Let’s say that I have a PyTorch tensor that I’m loading onto CPU. I would now like to experiment with different shapes and how they affect the memory consumption, and I thought the best way to do this is creating a simple random tensor and then measuring the memory consumptions of different shapes. However, while attempting this, I noticed anomalies and I decided to simplify the task further.
I’m creating a 3 GB PyTorch tensor and want to measure its memory consumption with the psutil
module. In order to get some statistics, I do this ten times in a for loop and consider the mean and std. I also move the tensor to GPU and then use PyTorch functions to measure the allocated and totally reserved memory on GPU.
My code is this:
import torch
import psutil
if __name__ == '__main__':
resident_memories = []
for i in range(10):
x = torch.ones((3, 1024, 1024, 1024), dtype=torch.uint8)

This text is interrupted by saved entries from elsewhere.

(* Let $X\subset A^+$ be a finite set. Then $X$ is synchronized if and only if its degree $d(X)$ equals $1$.
   Context: A word $x\in A^*$ is synchronizing for $X$ if for all $u,v\in A^*$, $uxv\in X^*$ implies $ux\in X^*$ and $xv\in X^*$. $X$ is synchronized if there is a synchronizing word $x\in X^*$. The flower automaton of $X$ has states $\{(u,v)\in A^+\times A^+\mid uv\in X\}\cup\{\omega\}$, $\omega=(1,1)$ initial and terminal, and edges $(u,av)\xrightarrow{a}(ua,v)$ ($uav\in X$, $u,v\ne1$), $\omega\xrightarrow{a}(a,v)$ ($av\in X$, $v\ne1$), $(u,a)\xrightarrow{a}\omega$ ($ua\in X$, $u\ne1$), $\omega\xrightarrow{a}\omega$ ($a\in X$). For an automaton $\mathcal{A}$, $\varphi_\mathcal{A}(w)$ is the relation $\{(p,q)\mid$ there is a path $p\xrightarrow{w}q\}$. The rank of a relation $m$ on $Q$ is the least cardinality of a set $R$ with $m=uv$, $u\subseteq Q\times R$, $v\subseteq R\times Q$ (composition $uv=\{(p,q)\mid\exists r,(p,r)\in u,(r,q)\in v\}$). The degree $d(X)$ is the minimum rank of the nonempty relations in the monoid $\varphi_\mathcal{A}(A^* )$, where $\mathcal{A}$ is the flower automaton of $X$. *)

From mathcomp Require Import all_boot.
Set Implicit Arguments. Unset Strict Implicit. Unset Printing Implicit Defensive.

Section Flower.
Variable A : finType.
Notation word := (seq A).
Variable X : seq word.

Definition inXstar (w : word) : Prop :=
  exists s : seq word, all (fun x => x \in X) s /\ flatten s = w.

Definition synchronizing (x : word) : Prop :=
  forall u v : word, inXstar (u ++ x ++ v) -> inXstar (u ++ x) /\ inXstar (x ++ v).

Definition synchronized : Prop := exists x, inXstar x /\ synchronizing x.

(* Flower automaton: states are pairs (u,v), plus omega = ([::],[::]). *)
Definition state := (word * word)%type.
Definition omega : state := ([::], [::]).
Definition is_state (p : state) : Prop :=
  p = omega \/ (p.1 != [::] /\ p.2 != [::] /\ p.1 ++ p.2 \in X).

Inductive edge : state -> A -> state -> Prop :=
| edge_mid u a v : u != [::] -> v != [::] -> u ++ a :: v \in X ->
    edge (u, a :: v) a (rcons u a, v)
| edge_out a v : v != [::] -> a :: v \in X -> edge omega a ([:: a], v)
| edge_in u a : u != [::] -> rcons u a \in X -> edge (u, [:: a]) a omega
| edge_loop a : [:: a] \in X -> edge omega a omega.

Fixpoint phi (w : word) (p q : state) : Prop :=
  match w with
  | [::] => p = q /\ is_state p
  | a :: w' => exists r, edge p a r /\ phi w' r q
  end.

Definition has_rank_le (m : state -> state -> Prop) (k : nat) : Prop :=
  exists (u : state -> 'I_k -> Prop) (v : 'I_k -> state -> Prop),
    forall p q, m p q <-> exists r, u p r /\ v r q.

Definition is_rank (m : state -> state -> Prop) (k : nat) : Prop :=
  has_rank_le m k /\ forall j, has_rank_le m j -> k <= j.

Definition nonempty_rel (m : state -> state -> Prop) : Prop := exists p q, m p q.

Definition is_degree (d : nat) : Prop :=
  (exists w, nonempty_rel (phi w) /\ is_rank (phi w) d) /\
  forall w k, nonempty_rel (phi w) -> is_rank (phi w) k -> d <= k.

End Flower.

(* The proof works with the flower automaton of X.  A path labelled w goes
   either through the central state omega, in which case w = p.2 z q.1 with
   z in X^*, or stays inside a single petal, in which case w is a proper
   factor of a word of X.  In particular w is in X^* iff w labels a loop at
   omega.

   On the rank side, a relation m has rank 1 iff it is nonempty and
   "rectangular": m p q and m p' q' imply m p q'.  Hence d(X) = 1 iff some
   phi(w) is nonempty and rectangular.

   (=>) If x is synchronizing, pad it with a word of X^* so that it is longer
   than every word of X; then every path labelled x^4 passes through omega
   and the synchronizing property lets us glue any start of one such path
   to any end of another: phi(x^4) is rectangular.
   (<=) If phi(w) is rectangular and p -w-> q, then x = p.1 w q.2 is in X^*
   and synchronizing: in a loop u x v at omega, rectangularity reroutes the
   w-segment through q (resp. p), which splits the loop at omega. *)

From mathcomp Require Import all_boot zify.
Set Implicit Arguments. Unset Strict Implicit.

Definition rectangular (T : Type) (m : T -> T -> Prop) : Prop :=
  forall p q p' q', m p q -> m p' q' -> m p q'.

Lemma cat_split_prefix (T : Type) (a b c d : seq T) :
  a ++ b = c ++ d -> size a <= size c -> exists s, c = a ++ s /\ b = s ++ d.
Proof.
move=> E Hac; have Ea : take (size a) c = a.
  by rewrite -(takel_cat d Hac) -E take_size_cat.
exists (drop (size a) c); rewrite -{1}(cat_take_drop (size a) c) Ea; split => //.
rewrite -(drop_size_cat b (erefl (size a))) E drop_cat.
case: ltnP => // Hca.
have -> : size a = size c by apply/eqP; rewrite eqn_leq Hac.
by rewrite subnn drop0 drop_size.
Qed.

Lemma cat_split_suffix (T : Type) (a b c d : seq T) :
  a ++ b = c ++ d -> size b <= size d -> exists t, d = t ++ b /\ a = c ++ t.
Proof.
move=> E Hbd; have /(congr1 rev) := E; rewrite !rev_cat => /cat_split_prefix.
case=> [|t [Ed Ea]]; first by rewrite !size_rev.
exists (rev t); split; first by rewrite -(revK d) Ed rev_cat revK.
by rewrite -(revK a) Ea rev_cat revK.
Qed.

Section Rank.
Variable A : finType.
Implicit Type m : state A -> state A -> Prop.

Lemma rank_pos m k : nonempty_rel m -> has_rank_le m k -> 0 < k.
Proof.
case=> p [q Hpq] [U [V E]]; case: k U V E => [|k] // U V E.
by have [[] ] := (E p q).1 Hpq.
Qed.

Lemma rank_le1_rectangular m : has_rank_le m 1 <-> rectangular m.
Proof.
split.
- case=> U [V E] p q p' q' /E [r [Ur _]] /E [r' [_ Vr']].
  apply/E; exists r; split => //.
  by rewrite (ord1 r) -(ord1 r').
- move=> Hrect; exists (fun p (_ : 'I_1) => exists q, m p q).
  exists (fun (_ : 'I_1) q => exists p, m p q) => p q; split.
  + by move=> Hpq; exists ord0; split; [exists q | exists p].
  + by case=> _ [[q0 H1] [p0 H2]]; exact: Hrect H1 H2.
Qed.

Lemma is_rank_one m : nonempty_rel m -> is_rank m 1 <-> rectangular m.
Proof.
move=> Hne; split; first by case=> /rank_le1_rectangular.
by move=> /rank_le1_rectangular H1; split => // j; exact: rank_pos.
Qed.

Lemma degree_one_iff (X : seq (seq A)) :
  is_degree X 1 <-> exists w, nonempty_rel (phi X w) /\ rectangular (phi X w).
Proof.
split.
- by case=> [[w [Hne Hr]] _]; exists w; split => //; apply/is_rank_one.
- case=> w [Hne Hr]; split; last by move=> w' k Hn [Hk _]; exact: rank_pos Hk.
  by exists w; split => //; apply/is_rank_one.
Qed.

End Rank.

Section FlowerPaths.
Variable A : finType.
Variable X : seq (seq A).
Local Notation omega := (omega A).

Lemma inXstar_nil : inXstar X [::].
Proof. by exists [::]. Qed.

Lemma inXstar_cat u v : inXstar X u -> inXstar X v -> inXstar X (u ++ v).
Proof.
case=> [s [Hs <-]] [t [Ht <-]]; exists (s ++ t).
by rewrite all_cat Hs Ht flatten_cat.
Qed.

Lemma inXstar_X y : y \in X -> inXstar X y.
Proof. by move=> Hy; exists [:: y]; rewrite /= Hy cats0. Qed.

Lemma state_Xstar q : is_state X q -> inXstar X (q.1 ++ q.2).
Proof. by case=> [->|[_ [_ /inXstar_X]]] //; exact: inXstar_nil. Qed.

Lemma edge_states p a r : edge X p a r -> is_state X p /\ is_state X r.
Proof.
case=> [u b v Hu Hv Hm|b v Hv Hm|u b Hu Hm|b Hm]; rewrite /is_state /=.
- split; right; (split; [|split]) => //=; first by case: (u) Hu.
  by rewrite cat_rcons.
- by split; [left|right].
- by split; [right; rewrite cats1 | left].
- by split; left.
Qed.

Lemma phi_state_l w p q : phi X w p q -> is_state X p.
Proof. by case: w => [[-> ]|a w [r [/edge_states []]]]. Qed.

Lemma phi_state_r w p q : phi X w p q -> is_state X q.
Proof. by elim: w p => [|a w IH] p /=; [case=> <- | case=> r [_ /IH]]. Qed.

Lemma phi_cat s1 s2 p q :
  phi X (s1 ++ s2) p q <-> exists r, phi X s1 p r /\ phi X s2 r q.
Proof.
elim: s1 p => [|a s1 IH] p /=.
- split; last by case=> r [[-> _] H].
  by move=> H; exists p; split => //; split => //; exact: phi_state_l H.
- split.
  + by case=> r [He /IH [r' [H1 H2]]]; exists r'; split => //; exists r.
  + by case=> r' [[r [He H1]] H2]; exists r; split => //; apply/IH; exists r'.
Qed.

Lemma petal_path u pre v : pre != [::] -> v != [::] -> pre ++ u ++ v \in X ->
  phi X u (pre, u ++ v) (pre ++ u, v).
Proof.
elim: u pre => [|a u IH] pre Hp Hv Hm /=.
- by rewrite cats0; split => //; right.
- exists (rcons pre a, u ++ v); split.
  + by apply: edge_mid => //; case: (u) Hv.
  + rewrite -cat_rcons; apply: IH => //; first by case: (pre).
    by rewrite cat_rcons.
Qed.

Lemma path_to_omega p : is_state X p -> phi X p.2 p omega.
Proof.
case=> [->|]; first by split => //; left.
case: p => u v /= [Hu []]; case/lastP: v => [//|v a] _ Hm.
rewrite -cats1; apply/phi_cat; exists (u ++ v, [:: a]); split.
- by apply: petal_path; rewrite ?cats1.
- exists omega; split; last by split => //; left.
  by apply: edge_in; [case: (u) Hu | rewrite -cats1 -catA cats1].
Qed.

Lemma path_from_omega q : is_state X q -> phi X q.1 omega q.
Proof.
case=> [->|]; first by split => //; left.
case: q => [[|a u] v] /= [//= _ [Hv Hm]].
exists ([:: a], u ++ v); split; last exact: (@petal_path u [:: a] v).
by apply: edge_out => //; case: (u) Hv.
Qed.

Lemma path_shape w p q : phi X w p q ->
  (exists z, inXstar X z /\ w = p.2 ++ z ++ q.1) \/
  (exists u1 v2, u1 != [::] /\ p = (u1, w ++ v2) /\ q = (u1 ++ w, v2) /\
     u1 ++ w ++ v2 \in X).
Proof.
elim: w p => [|a w IH] p /=.
- case=> <- [->|[H1 [H2 H3]]].
  + by left; exists [::]; split => //; exact: inXstar_nil.
  + right; exists p.1, p.2; rewrite cats0 /=.
    by split => //; split; [case: (p) | split; [case: (p)|]].
- case=> r [[u b v Hu Hv Hm|b v Hv Hm|u b Hu Hm|b Hm] /IH
    [[z [Hz ->]]|[u1 [v2 [H1 [[E1 E2] [E3 E4]]]]]]] //=;
    try by rewrite -E1 in H1.
  + by left; exists z.
  + right; exists u, v2; rewrite E2; split => //; split => //.
    by rewrite E3 -E1 cat_rcons; split => //; rewrite -E2.
  + left; exists ((b :: v) ++ z); rewrite catA; split => //.
    by apply: inXstar_cat => //; exact: inXstar_X.
  + by left; exists [::]; split; [exact: inXstar_nil | rewrite E3 -E1].
  + by left; exists z.
  + left; exists ([:: b] ++ z); split => //.
    by apply: inXstar_cat => //; exact: inXstar_X.
Qed.

Lemma loop_Xstar w : phi X w omega omega -> inXstar X w.
Proof.
by case/path_shape => [[z [Hz ->]] | [u1 [v2 [H1 [[E1 _] _]]]]];
  [rewrite /= cats0 | rewrite -E1 in H1].
Qed.

Lemma size_le_flatten y : y \in X -> size y <= size (flatten X).
Proof.
elim: X y => [//|z Z IH] y /=; rewrite in_cons size_cat.
by case/orP=> [/eqP ->|/IH H]; [exact: leq_addr | exact: leq_trans H (leq_addl _ _)].
Qed.

Lemma state_size p : is_state X p -> size (p.1 ++ p.2) <= size (flatten X).
Proof. by case=> [->|[_ [_ /size_le_flatten]]]. Qed.

Section NonemptyWords.
Hypothesis HX : forall x, x \in X -> x != [::].

Lemma Xstar_loop w : inXstar X w -> phi X w omega omega.
Proof.
case=> s [Hs <-]; elim: s Hs => [|y s IH] /=; first by split => //; left.
case/andP=> Hy Hs; apply/phi_cat; exists omega; split; last exact: IH.
move: (HX Hy); case: y Hy => [//|a [|b y]] Hy _.
- by exists omega; split; [exact: edge_loop | split => //; left].
- have Hq : is_state X ([:: a], b :: y) by right.
  apply/(@phi_cat [:: a] (b :: y)); exists ([:: a], b :: y).
  by split; [exact: path_from_omega Hq | exact: path_to_omega Hq].
Qed.

Lemma path_through_omega p z q : is_state X p -> is_state X q -> inXstar X z ->
  phi X (p.2 ++ z ++ q.1) p q.
Proof.
move=> Hp Hq Hz; apply/phi_cat; exists omega; split; first exact: path_to_omega.
apply/phi_cat; exists omega; split; [exact: Xstar_loop | exact: path_from_omega].
Qed.

End NonemptyWords.
End FlowerPaths.

Section Synchronization.
Variable A : finType.
Variable X : seq (seq A).
Hypothesis HX : forall x, x \in X -> x != [::].
Local Notation omega := (omega A).

(* A word longer than every word of X cannot stay inside one petal. *)
Lemma long_path_through_omega w p q : size (flatten X) <= size w ->
  phi X w p q -> exists z, inXstar X z /\ w = p.2 ++ z ++ q.1.
Proof.
move=> Hw /path_shape [//|[u1 [v2 [Hu1 [_ [_ /size_le_flatten Hm]]]]]].
move: (leq_trans Hm Hw); rewrite !size_cat addnCA -[X in _ <= X]addn0 leq_add2l.
by rewrite leqn0 addn_eq0 size_eq0 (negbTE Hu1).
Qed.

Lemma sync_cat x y : synchronizing X x -> inXstar X y -> synchronizing X (x ++ y).
Proof.
move=> Hs Hy u v; rewrite -!catA => /Hs [H1 H2]; split => //.
by rewrite catA; exact: inXstar_cat.
Qed.

Section LongSynchronizingWord.
Variable x : seq A.
Hypothesis x_sync : synchronizing X x.
Hypothesis x_long : size (flatten X) <= size x.

Lemma sync_path_start y p q : phi X (x ++ x ++ y) p q ->
  exists s, x = p.2 ++ s /\ inXstar X (s ++ x).
Proof.
move=> H; have Hp := phi_state_l H; have Hq := phi_state_r H.
have [|z [Hz E]] := long_path_through_omega _ H.
  by rewrite size_cat (leq_trans x_long) ?leq_addr.
have Hpx : size p.2 <= size x.
  by apply: leq_trans x_long; move: (state_size Hp); rewrite size_cat; lia.
have [s [Ex Es]] := cat_split_prefix (esym E) Hpx.
exists s; split => //.
have : inXstar X (z ++ q.1 ++ q.2) by apply: inXstar_cat => //; exact: state_Xstar.
by rewrite catA Es -!catA => /x_sync [].
Qed.

Lemma sync_path_end y p q : phi X (y ++ x ++ x) p q ->
  exists t, x = t ++ q.1 /\ inXstar X (x ++ t).
Proof.
move=> H; have Hp := phi_state_l H; have Hq := phi_state_r H.
have [|z [Hz E]] := long_path_through_omega _ H.
  by rewrite !size_cat (leq_trans x_long) // addnCA leq_addr.
have Hqx : size q.1 <= size x.
  by apply: leq_trans x_long; move: (state_size Hq); rewrite size_cat; lia.
rewrite catA [p.2 ++ _]catA in E.
have [t [Ex Et]] := cat_split_suffix (esym E) Hqx.
exists t; split => //.
have : inXstar X (p.1 ++ p.2 ++ z) by rewrite catA; apply: inXstar_cat => //; exact: state_Xstar.
by rewrite Et -!catA catA => /x_sync [].
Qed.

(* Hence phi(x^4) is rectangular: reroute through omega in the middle. *)
Lemma sync_power_rectangular : rectangular (phi X (x ++ x ++ x ++ x)).
Proof.
move=> p q p' q' H H'.
have [s [Es Hs]] := sync_path_start H.
have [t [Et Ht]] : exists t, x = t ++ q'.1 /\ inXstar X (x ++ t).
  by apply: (@sync_path_end (x ++ x) p'); rewrite -catA.
have -> : x ++ x ++ x ++ x = p.2 ++ ((s ++ x) ++ (x ++ t)) ++ q'.1.
  transitivity ((p.2 ++ s) ++ x ++ x ++ (t ++ q'.1)); first by rewrite -Es -Et.
  by rewrite -!catA.
apply: (path_through_omega HX); [exact: phi_state_l H | exact: phi_state_r H' |].
exact: inXstar_cat.
Qed.

End LongSynchronizingWord.

Lemma synchronized_rectangular : synchronized X ->
  exists w, nonempty_rel (phi X w) /\ rectangular (phi X w).
Proof.
case=> x0 [Hx0 Hs0].
have HF : inXstar X (flatten X) by exists X; split => //; apply/allP.
pose x := x0 ++ flatten X.
have Hx : inXstar X x := inXstar_cat Hx0 HF.
exists (x ++ x ++ x ++ x); split.
- exists omega, omega; apply: (Xstar_loop HX).
  by do 3! apply: inXstar_cat => //.
- apply: sync_power_rectangular; first exact: sync_cat.
  by rewrite /x size_cat leq_addl.
Qed.

Lemma rectangular_synchronized w :
  nonempty_rel (phi X w) -> rectangular (phi X w) -> synchronized X.
Proof.
case=> p [q Hpq] Hrect.
have Hp := phi_state_l Hpq; have Hq := phi_state_r Hpq.
exists (p.1 ++ w ++ q.2); split.
  apply: loop_Xstar; apply/phi_cat; exists p; split; first exact: path_from_omega.
  by apply/phi_cat; exists q; split => //; exact: path_to_omega.
move=> u v /(Xstar_loop HX).
case/phi_cat=> r0 [H0 /phi_cat [r3 [/phi_cat [r1 [H1 /phi_cat [r2 [H2 H3]]]] H4]]].
split; apply: loop_Xstar.
- apply/phi_cat; exists r0; split => //.
  apply/phi_cat; exists r1; split => //.
  apply/phi_cat; exists q; split; [exact: Hrect H2 Hpq | exact: path_to_omega].
- apply/phi_cat; exists r3; split => //.
  apply/phi_cat; exists p; split; first exact: path_from_omega.
  by apply/phi_cat; exists r2; split => //; exact: Hrect Hpq H2.
Qed.

End Synchronization.

Theorem mainTheorem12 (A : finType) (X : seq (seq A))
  (HX : forall x, x \in X -> x != [::]) :
  synchronized X <-> is_degree X 1.
Proof.
rewrite degree_one_iff; split; first exact: synchronized_rectangular.
by case=> w [Hne Hrect]; exact: rectangular_synchronized Hne Hrect.
Qed.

resident_memory = psutil.Process().memory_info().rss/1024**2
resident_memories.append(resident_memory)
del x, resident_memory
print('Average resident memory [MB]: {} +/- {}'.format(torch.mean(torch.tensor(resident_memories)), torch.std(torch.tensor(resident_memories))))
del resident_memories
device = torch.device('cuda:0' if torch.cuda.is_available() else 'cpu')
alloc_memories = []
reserved_memories = []
for i in range(10):
x = torch.ones((3, 1024, 1024, 1024), dtype=torch.uint8).to(device)
alloc_memory = torch.cuda.memory_allocated(device=device)/1024**2
reserved_memory = torch.cuda.memory_reserved(device=device)/1024**2
alloc_memories.append(alloc_memory)
reserved_memories.append(reserved_memory)
del x, alloc_memory
print('By tensors occupied memory on GPU [MB]: {} +/- {}\nCurrent GPU memory managed by caching allocator [MB]: {} +/- {}'.format(
torch.mean(torch.tensor(alloc_memories)), torch.std(torch.tensor(alloc_memories)), torch.mean(torch.tensor(reserved_memories)),
torch.std(torch.tensor(reserved_memories)))
)
I obtain the following output:
Average resident memory [MB]: 4028.602783203125 +/- 0.06685283780097961
By tensors occupied memory on GPU [MB]: 3072.0 +/- 0.0
Current GPU memory managed by caching allocator [MB]: 3072.0 +/- 0.0
I’m executing this code on a cluster, but I also ran the first part on the cloud and I mostly observed the same behavior. When I ran this on the cluster, it was the only job on the CPU, so other jobs should (hopefully) not affect the memory consumption.
I’d have two quick questions:
i) Why is psutil.Process().memory_info().rss
inaccurate when measuring the memory of a 3 GB tensor?
ii) How can we (correctly) measure the memory of tensors on CPU? One use case might be that the tensor is so huge that moving it onto a GPU might cause a memory error.